Отдав все необходимые распоряжения, Буланкин опечатал свой кабинет и спустился к проходной. Ободряюще подмигнув молодой вахтерше Марине, которая давно смотрела на него грустными глазами, он вышел на улицу, не зная толком, куда он сейчас пойдет, и уже жалея о том, что не остался на службе, решив сделать себе, как у всех, короткий день.

Юра слился с оживленной толпой, в которой каждый нормальный человек осознавал, куда и зачем он спешит. Два года назад Юра, помнится, тоже торопился.

У Светланки была дурная привычка (это он всем так говорил «дурная привычка», хотя на самом деле так не считал) встречать Новый год с выбитыми-вычищенными на снегу коврами. И поскольку времени на это в обычные дни почему-то не хватало, то приходилось, если он не дежурил, вытаскивать во двор все ковры-паласы в самые что ни на есть предновогодние часы. Елка у них соответственно наряжалась не как у людей — заранее, а часов в десять-одиннадцать. И наряжал ее обычно Юра. Сначала один, а потом со Светланкой номер два…

В прошлом году никакой елки уже не было. И так называемая «встреча» состоялась в какой-то гнилой компании и прошла в отвратительном пьяном угаре. Не хотелось бы, чтобы и в этот раз… Хотя какая, если вдуматься, разница! Где, как, с кем… Да и вообще можно никуда не ходить. Вот дурак, до последнего на что-то надеялся. Да зачем ей нужен какой-то вшивый каплей? С ее, как говорится, данными… Как он раньше не догадался? Ведь в Мурманск она ездит почти регулярно. К друзьям. Да ни к каким не друзьям! К какому-нибудь преуспевающему бизнесмену. Как он раньше не догадался? Тогда почему он к себе ее не забирает, этот бизнесмен? Почему-почему… Женатый скорее всего. Вот почему. Так.
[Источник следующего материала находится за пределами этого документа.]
Lemma ranking_mixture_nonconst x (b : 'I_n -> bool) i j :
  (forall k, x k = (b k)%:R) -> b i != b j -> ranking_mixture x.
Proof.
move=> xE b_ij; have [c b_switch] := exists_ordS_switch b_ij.
have [r0 r0E] := cycle_pattern_realizable b_switch.
exists (fun r => (r == r0)%:R); split.
- by move=> r; rewrite ler0n.
- by rewrite (bigD1 r0) //= eqxx big1 ?addr0 // => r /negbTE ->.
- move=> k; rewrite (bigD1 r0) //= eqxx mul1r big1 ?addr0; last first.
    by move=> r /negbTE ->; rewrite mul0r.
  by rewrite xE /rank_weight r0E; case: (b k).
Qed.

Lemma cube_band_integral x : cube_band x -> frac x = set0 -> ranking_mixture x.
Proof.
move=> [x01 /andP [sum_ge1 sum_le]] frac0.
have x_bool k : x k = (x k == 1)%:R.
  have : k \notin frac x by rewrite frac0 inE.
  rewrite inE negb_and -!leNgt; have /andP [? ?] := x01 k.
  case/orP => ?; [have -> : x k = 0 by lra | have -> : x k = 1 by lra].
    by rewrite eq_sym oner_eq0.
  by rewrite eqxx.
have [i xi1] : exists i, x i == 1.
  apply/existsP; apply: contraTT sum_ge1; rewrite negb_exists => /forallP x_ne1.
  by rewrite big1 ?ler10 // => k _; rewrite x_bool (negbTE (x_ne1 k)).
have [j xj0] : exists j, x j != 1.
  apply/existsP; apply: contraTT sum_le; rewrite negb_exists => /forallP x_eq1.
  rewrite (eq_bigr (fun _ => 1)) => [|k _]; last by rewrite x_bool (negPn (x_eq1 k)).
  by rewrite sumr_const card_ord -ltNge ltrBlDr ltrDl ltr01.
by apply: (ranking_mixture_nonconst x_bool (i := i) (j := j)); rewrite xi1 xj0.
Qed.

Section InductionStep.
Variable x : 'I_n -> R.
Hypothesis x_band : cube_band x.
Hypothesis IH : forall y, cube_band y -> (#|frac y| < #|frac x|)%N -> ranking_mixture y.

Lemma mixture_split_step i : i \in frac x ->
  1 <= \sum_k x k - x i <= n%:R - 2 -> ranking_mixture x.
Proof.
rewrite inE => /andP [xi_gt0 xi_lt1] /andP [rest_ge1 rest_le].
have [x01 _] := x_band.
have upd_mixture a : (a = 0 \/ a = 1) -> ranking_mixture (upd x i a).
  move=> a01; apply: IH.
    split=> [k|]; last by rewrite sum_upd; apply/andP; split; case: a01 => ->; lra.
    by rewrite /upd; case: ifP => // _; case: a01 => ->; rewrite ?lexx ?ler01.
  apply: (card_frac_lt (s := i)); last by rewrite inE /upd eqxx; case: a01 => ->; rewrite ltxx ?andbF.
    by move=> k; rewrite /upd; case: (eqVneq k i) => [-> _|_]; rewrite ?eqxx ?inE ?xi_gt0.
  by rewrite inE xi_gt0.
apply: (ranking_mixture_conv (l := x i) _ (upd_mixture 1 (or_intror erefl))
                               (upd_mixture 0 (or_introl erefl))).
- by rewrite !ltW.
- by move=> k; rewrite /upd; case: (eqVneq k i) => [->|_]; ring.
Qed.

Lemma mixture_pair_step i j : i != j -> i \in frac x -> j \in frac x -> ranking_mixture x.
Proof.
move=> ij frac_i frac_j; move: (frac_i) (frac_j).
rewrite !inE => /andP [xi_gt0 xi_lt1] /andP [xj_gt0 xj_lt1].
have [x01 sum_x] := x_band.
pose shift c := upd (upd x i (x i + c)) j (x j - c).
have shift_i c : shift c i = x i + c by rewrite /shift /upd (negbTE ij) eqxx.
have shift_j c : shift c j = x j - c by rewrite /shift /upd eqxx.
have shift_other c k : k != i -> k != j -> shift c k = x k.
  by move=> /negbTE ki /negbTE kj; rewrite /shift /upd ki kj.
have shift_mixture c s : s \in [:: i; j] -> shift c s \in [:: 0; 1] ->
    0 <= x i + c <= 1 -> 0 <= x j - c <= 1 -> ranking_mixture (shift c).
  move=> s_ij shift_s band_i band_j; apply: IH.
    split=> [k|].
      case: (eqVneq k i) => [->|ki]; first by rewrite shift_i.
      by case: (eqVneq k j) => [->|kj]; rewrite ?shift_j ?shift_other.
    rewrite /shift !sum_upd [upd _ _ _ j]/upd eq_sym (negbTE ij).
    by have -> : \sum_k x k - x i + (x i + c) - x j + (x j - c) = \sum_k x k by ring.
  apply: (card_frac_lt (s := s)).
  - move=> k; case: (eqVneq k i) => [-> //|ki].
    by case: (eqVneq k j) => [-> //|kj]; rewrite shift_other ?eqxx.
  - by move: s_ij; rewrite mem_seq2 => /orP [] /eqP ->.
  - by move: shift_s; rewrite mem_seq2 inE => /orP [] /eqP ->; rewrite ltxx ?andbF.
have [c1 c1_gt0 mix1] : exists2 c, 0 < c & ranking_mixture (shift c).
  case: (lerP (1 - x i) (x j)) => h; [exists (1 - x i) | exists (x j)]; try lra.
  - apply: (shift_mixture _ i); try (apply/andP; lra); first by rewrite mem_seq2 eqxx.
    by rewrite shift_i addrC subrK mem_seq2 eqxx orbT.
  - apply: (shift_mixture _ j); try (apply/andP; lra); first by rewrite mem_seq2 eqxx orbT.
    by rewrite shift_j subrr mem_seq2 eqxx.
have [c2 c2_gt0 mix2] : exists2 c, 0 < c & ranking_mixture (shift (- c)).
  case: (lerP (x i) (1 - x j)) => h; [exists (x i) | exists (1 - x j)]; try lra.
  - apply: (shift_mixture _ i); try (apply/andP; lra); first by rewrite mem_seq2 eqxx.
    by rewrite shift_i subrr mem_seq2 eqxx.
  - apply: (shift_mixture _ j); try (apply/andP; lra); first by rewrite mem_seq2 eqxx orbT.
    by rewrite shift_j opprK addrC subrK mem_seq2 eqxx orbT.
have c_ne0 : c1 + c2 != 0 by rewrite gt_eqF ?addr_gt0.
apply: (ranking_mixture_conv (l := c2 / (c1 + c2)) _ mix1 mix2).
- apply/andP; split; first by rewrite divr_ge0 // ltW // addr_gt0.
  by rewrite ler_pdivrMr ?addr_gt0 //; lra.
- move=> k; case: (eqVneq k i) => [->|ki]; first by rewrite !shift_i; field.
  by case: (eqVneq k j) => [->|kj]; rewrite ?shift_j ?shift_other //; field.
Qed.
End InductionStep.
Но если у него семья, то как она с ним Новый год встречать собирается? Между прочим, осталось…

Буланкин отогнул обшлаг шинели, глянул на часы. До двенадцати оставалось семь с половиной часов. Буланкин продолжал размышлять.

Итак, до Нового года семь с половиной часов. А она пока еще здесь. На чем она собирается ехать? Почему не уехала с четырехчасовым автобусом? Могла ведь с работы уйти пораньше. Значит, поедет последним рейсом. Билет наверняка взяла заранее. Так просто сегодня не уедешь. В «Сполохи», что ли, податься? Зачем? А черт его знает! Время куда-то надо девать. Конечно, неплохо было бы приборку в хате сделать. Новый год все-таки. Да ладно, потом как-нибудь. Себя в порядок привести недолго. К двадцати двум сто раз успеется. Ну а сейчас-то зачем туда переться?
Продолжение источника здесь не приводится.